The transit dilemma

Sacramento River Cats Logo

Say you wanted to go from Oakland, California to Sacramento, California, a distance of 80 miles, to catch a Friday night Sacramento Rivercats game. (They’re a minor-league baseball team.) And you wanted to take public transit and come back the same night. That seems possible.

Okay, start by getting to the Amtrak station at Jack London Square. Park your bike (or get off the bus) and hop on the train. (Or you could take BART to the Coliseum Amtrak stop.) Depart from the Coliseum at 3:58 pm or Jack London at 4:10 pm to arrive at the Sacramento Amtrak station (401 I Street) at 6:10 pm, for $21 per person.

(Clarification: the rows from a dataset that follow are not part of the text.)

(* [X] and [M^-1 X] both have trace 0 and determinant [-l], hence square to [l]. *)
Lemma companion_sqr_scalar_twist (F : finFieldType) (t l : F) :
  l != 0 -> ((2%:R : F) != 0 -> t ^+ 2 != 4%:R) ->
  exists2 X, ~~ is_scalar_mx X &
    X *m X = l%:M /\ X *m invmx (mx22 0 (-1) 1 t) *m X = l *: mx22 0 (-1) 1 t.
Proof.
move=> nz_l t_ok; have [u [v [nz_u Q]]] : exists u v, u != 0 /\ u ^+ 2 + t * u * v + v ^+ 2 = l.
  have [u [v Q]] := finField_binary_form_surj l t_ok.
  have [u0|] := eqVneq u 0; last by exists u, v.
  exists v, u; split; last by rewrite -Q; ring.
  by apply: contra nz_l => /eqP v0; rewrite -Q u0 v0; apply/eqP; ring.
exists (mx22 v (u + t * v) u (- v)).
  by apply: contra nz_u => /mx22_scalarP[_ []]; rewrite mxE /= => ->.
by rewrite invmx_companion22 !mulmx22 scalar_mx22 scale_mx22 -Q; split; congr mx22; ring.
Qed.

Section GL2.
Variable F : finFieldType.
Local Notation GL := (GL2 F).
Local Notation Z := (ZGL2 F).
Implicit Types (g h : GL) (A : 'M[F]_2).

Definition GLof A : GL := insubd (1%g : GL) A.

Lemma GLofK A : \det A != 0 -> GLval (GLof A) = A.
Proof. by move=> nz_det; rewrite insubdK // unfold_in unitmxE unitfE. Qed.

Lemma GLvalJ g h : GLval (g ^ h)%g = invmx (GLval h) *m (GLval g *m GLval h).
Proof. by rewrite conjgE !GL_MxE GL_VxE. Qed.

Lemma GLvalX g n : GLval (g ^+ n)%g = GLval g ^+ n.
Proof. exact: FinRing.val_unitX. Qed.

Lemma det_GLvalJ g h : \det (GLval (g ^ h)%g) = \det (GLval g).
Proof. by rewrite GLvalJ !det_mulmx mulrCA -det_mulmx mulVmx ?GL_unitmx // det1 mulr1. Qed.

Lemma norm_ZGL2 g : g \in 'N(Z)%g.
Proof. exact: subsetP (normal_norm (center_normal _)) g (in_setT g). Qed.

Lemma ZGL2E g : (g \in Z) = is_scalar_mx (GLval g).
Proof.
apply/idP/idP => [/centerP[_ cZg] | /is_scalar_mxP[c gc]]; last first.
  apply/centerP; split=> [|h _]; rewrite ?inE //; apply: val_inj.
  by change (GLval (g * h)%g = GLval (h * g)%g); rewrite !GL_MxE gc mul_mx_scalar mul_scalar_mx.
have comm A : \det A != 0 -> GLval g *m A = A *m GLval g.
  by move=> nz; have := congr1 GLval (cZg (GLof A) (in_setT _)); rewrite !GL_MxE GLofK.
have [a [b [c [d gE]]]] : exists a b c d, GLval g = mx22 a b c d.
  by do 4!eexists; apply: mx22E.
have E1 : \det (mx22 1 1 0 1 : 'M[F]_2) != 0 by rewrite det_mx22 !mulr1 mulr0 subr0 oner_eq0.
have E2 : \det (mx22 1 0 1 1 : 'M[F]_2) != 0 by rewrite det_mx22 !mulr1 subr0 oner_eq0.
move: (comm _ E1) (comm _ E2); rewrite gE !mulmx22 => /mx22_inj[h1 h2 _ _] /mx22_inj[h3 _ _ _].
rewrite !(mulr1, mulr0, mul1r, mul0r, addr0, add0r) in h1 h2 h3.
have c0 : c = 0 by apply: (addrI a); rewrite addr0 -h1.
have b0 : b = 0 by apply: (addrI a); rewrite addr0 h3.
have ad : a = d by apply: (addIr b); rewrite h2 addrC.
by apply/mx22_scalarP; rewrite !mxE /= b0 c0 ad.
Qed.

Lemma GL2_conj_companion g s d : d != 0 -> ~~ is_scalar_mx (GLval g) ->
  GLval g *m GLval g = s *: GLval g + d%:M -> exists h, (g ^ h)%g = GLof (mx22 0 d 1 s).
Proof.
move=> nz_d nsc_g /(mx22_similar_companion nsc_g)[P unitP gP].
have nz_detP : \det P != 0 by rewrite -unitfE -unitmxE.
exists (GLof P); apply: val_inj; change (GLval (g ^ GLof P)%g = GLval (GLof (mx22 0 d 1 s))).
by rewrite GLvalJ !GLofK ?gP ?mulKmx // det_companion22 oppr_eq0.
Qed.

Lemma GL2_conj_sqr_scalar g h l : l != 0 ->
  ~~ is_scalar_mx (GLval g) -> ~~ is_scalar_mx (GLval h) ->
  GLval g *m GLval g = l%:M -> GLval h *m GLval h = l%:M -> exists w, (h ^ w)%g = g.
Proof.
move=> nz_l nsc_g nsc_h g2 h2.
have [wg gC] : exists wg, (g ^ wg)%g = GLof (mx22 0 l 1 0).
  by apply: GL2_conj_companion; rewrite ?g2 ?scale0r ?add0r.
have [wh hC] : exists wh, (h ^ wh)%g = GLof (mx22 0 l 1 0).
  by apply: GL2_conj_companion; rewrite ?h2 ?scale0r ?add0r.
by exists (wh * wg^-1)%g; rewrite conjgM hC -gC conjgK.
Qed.

Lemma coset_ZGL2_mul_conj g m l : l != 0 ->
  GLval g *m invmx (GLval m) *m GLval g = l *: GLval m ->
  coset Z (g * g ^ m)%g = (coset Z m ^+ 2)%g.
Proof.
move=> nz_l gmg; have nz_detl : \det (l%:M : 'M[F]_2) != 0 by rewrite det_scalar expf_neq0.
have zZ : GLof l%:M \in Z by rewrite ZGL2E GLofK ?scalar_mx_is_scalar.
have -> : (g * g ^ m = GLof l%:M * m ^+ 2)%g.
  apply: val_inj; change (GLval (g * g ^ m)%g = GLval (GLof l%:M * m ^+ 2)%g).
  by rewrite GL_MxE GLvalJ GL_MxE GLofK // expgS expg1 GL_MxE !mulmxA gmg mul_scalar_mx.
by rewrite coset_kerl // -morphX ?norm_ZGL2.
Qed.

End GL2.

Section PSL2.
Variable F : finFieldType.
Local Notation GL := (GL2 F).
Local Notation Z := (ZGL2 F).

Lemma lift_PGL2_involution (x : PGL2 F) : x \in PGL2set F -> #[x]%g = 2 ->
  exists a : GL, exists2 l, l != 0 &
    [/\ coset Z a = x, ~~ is_scalar_mx (GLval a) & GLval a *m GLval a = l%:M].
Proof.
case/morphimP=> a _ _ -> ox; exists a.
have a2Z : (a ^+ 2)%g \in Z.
  apply: coset_idr; rewrite ?norm_ZGL2 //.
  by rewrite -[1%g](expg_order (coset Z a)) ox -morphX ?norm_ZGL2.
move: a2Z; rewrite ZGL2E GLvalX expr2 -mulmxE => /is_scalar_mxP[l a2].
exists l; last split=> //.
  apply: contraTneq (GL_det a) => l0.
  by rewrite negbK -sqrf_eq0 expr2 -det_mulmx a2 l0 det_scalar expr0n.
by rewrite -ZGL2E; apply: contraPN ox => /coset_id a1 /=; rewrite a1 order1.
Qed.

Then from there, get to Raley Field. It’s exactly a mile from the station, though that includes a river crossing. It seems like a walkable route, though I don’t know if the bridge on the most direct route is open to pedestrians, so it might be slightly longer than a mile. So leave 25 minutes to get there. Oh, there’s also a shuttle. That’s probably a good idea.

Enjoy the game! It starts at 7:05. They’ll probably win, since they’re in first place.

Oh, by the way, you won’t be taking Amtrak back to Oakland, unless you wait till tomorrow, or leave the game super-early. If you don’t take the 9:10 train back to Oakland, you have to wait until 5:40 am for the next one. Since it would be silly to take transit for 4 hours for just 2 hours of a game that would likely last 3 hours, what to do?

Don’t worry. There’s an 11:45 pm Greyhound back to Oakland ($18/person) that puts you back downtown at 1:15 am. The Greyhound leaves from 715 L Street, also 1 mile from the stadium, also across the river. And who doesn’t love Greyhound, especially in the middle of the night?

But the game will be over a little after 10, giving you plenty of time to stroll downtown and maybe grab a beverage on the way to the Greyhound station. (This is all theoretical, sight unseen, by the way.)

So the total for mass transit is $39 per person round trip. That doesn’t count any intra-city transit costs (such as, say, a cab or bus from Amtrak to Raley Field and then back to Greyhound), or any “externalities” (such as getting mugged or something).

Contrast that with a 160-mile round trip by car. At 30 mpg and $3/gallon, it would cost $16 in gas to drive there and back.

So even for just one person, a car is more cost-effective. It would also be a more efficient use of time: You’re not likely to hit a lot of traffic since it’s a reverse commute — and, of course, unlike Amtrak, you can stop right at the stadium.

And, heck, with four people, you would save money renting a nice car. Or maybe taking a limo.

The bottom line is that, though it is possible to determinedly get there and back without a car, it would be much easier with one.

The only possible reason to take Amtrak and Greyhound to and from a Rivercats game would be if you (1) absolutely didn’t have access to a car (or a friend with a car) or (2) really wanted to prove a point.


Phasing out “E-modified”


I don’t know how I missed this


  1. imnotjesus

    while you are right to lament the lack of good inter-city transit in the US, you’re not quite making a fair comparison between the automobile and the train/bus. first, cars cost more than just gas. sure, most people have sunk costs paid into their own automobiles, but they still have to pay maintenance, insurance, parking, etc. these costs, while not made at the point of the trip, are not negligible.

    A fairer comparison would be the cost of transit versus the cost of carsharing, which bundles all the costs of auto ownership into one simple fee. Let’s compare, shall we?

    mass transit = $39 (or so you say)
    carsharing… according to
    for a 6 hour trip from oakland to sacramento, the average cost would be about $95.

    now, any complete discussion of car versus transit has to include time as an additional cost. Transit, as we know, is slower than the car, but also passive. that means you can do other stuff instead of watching for stray SUVs. read a book, do homework, play a video game, safely talk on the phone. so, theoretically, the time spent on transit isn’t 100% “lost”. So, maybe this means that the time spent on transit is roughly equal to the time spent in a car. Of course, this all depends on how much you value your time. For the CEO of Acme Corp, time savings might easily trump everything else. For Joe Non-Profiteer, time may be less valuable. I personally believe time-value is highly variable and the minutes i use writing this comment are worth a lot less then the minutes i need to get real work done. i guess that means i have other stuff to do.

    fakey economist

  2. You’re absolutely right, of course. This is just for the purpose of comparing the two trips in a vacuum. Scott may lead an expedition there tonight, and he already has a car, and he probably wouldn’t ask passengers to pay the fraction of his insurance and depreciation they are responsible for — much less the societal externalities.

    And, yeah, I didn’t consider City CarShare — even though I am a member, and I love it — mostly because I knew it would be more expensive than the train/bus. (I use CarShare exclusively for intra-Bay Area trips, which either are short or start and end at times that car rental places aren’t open.)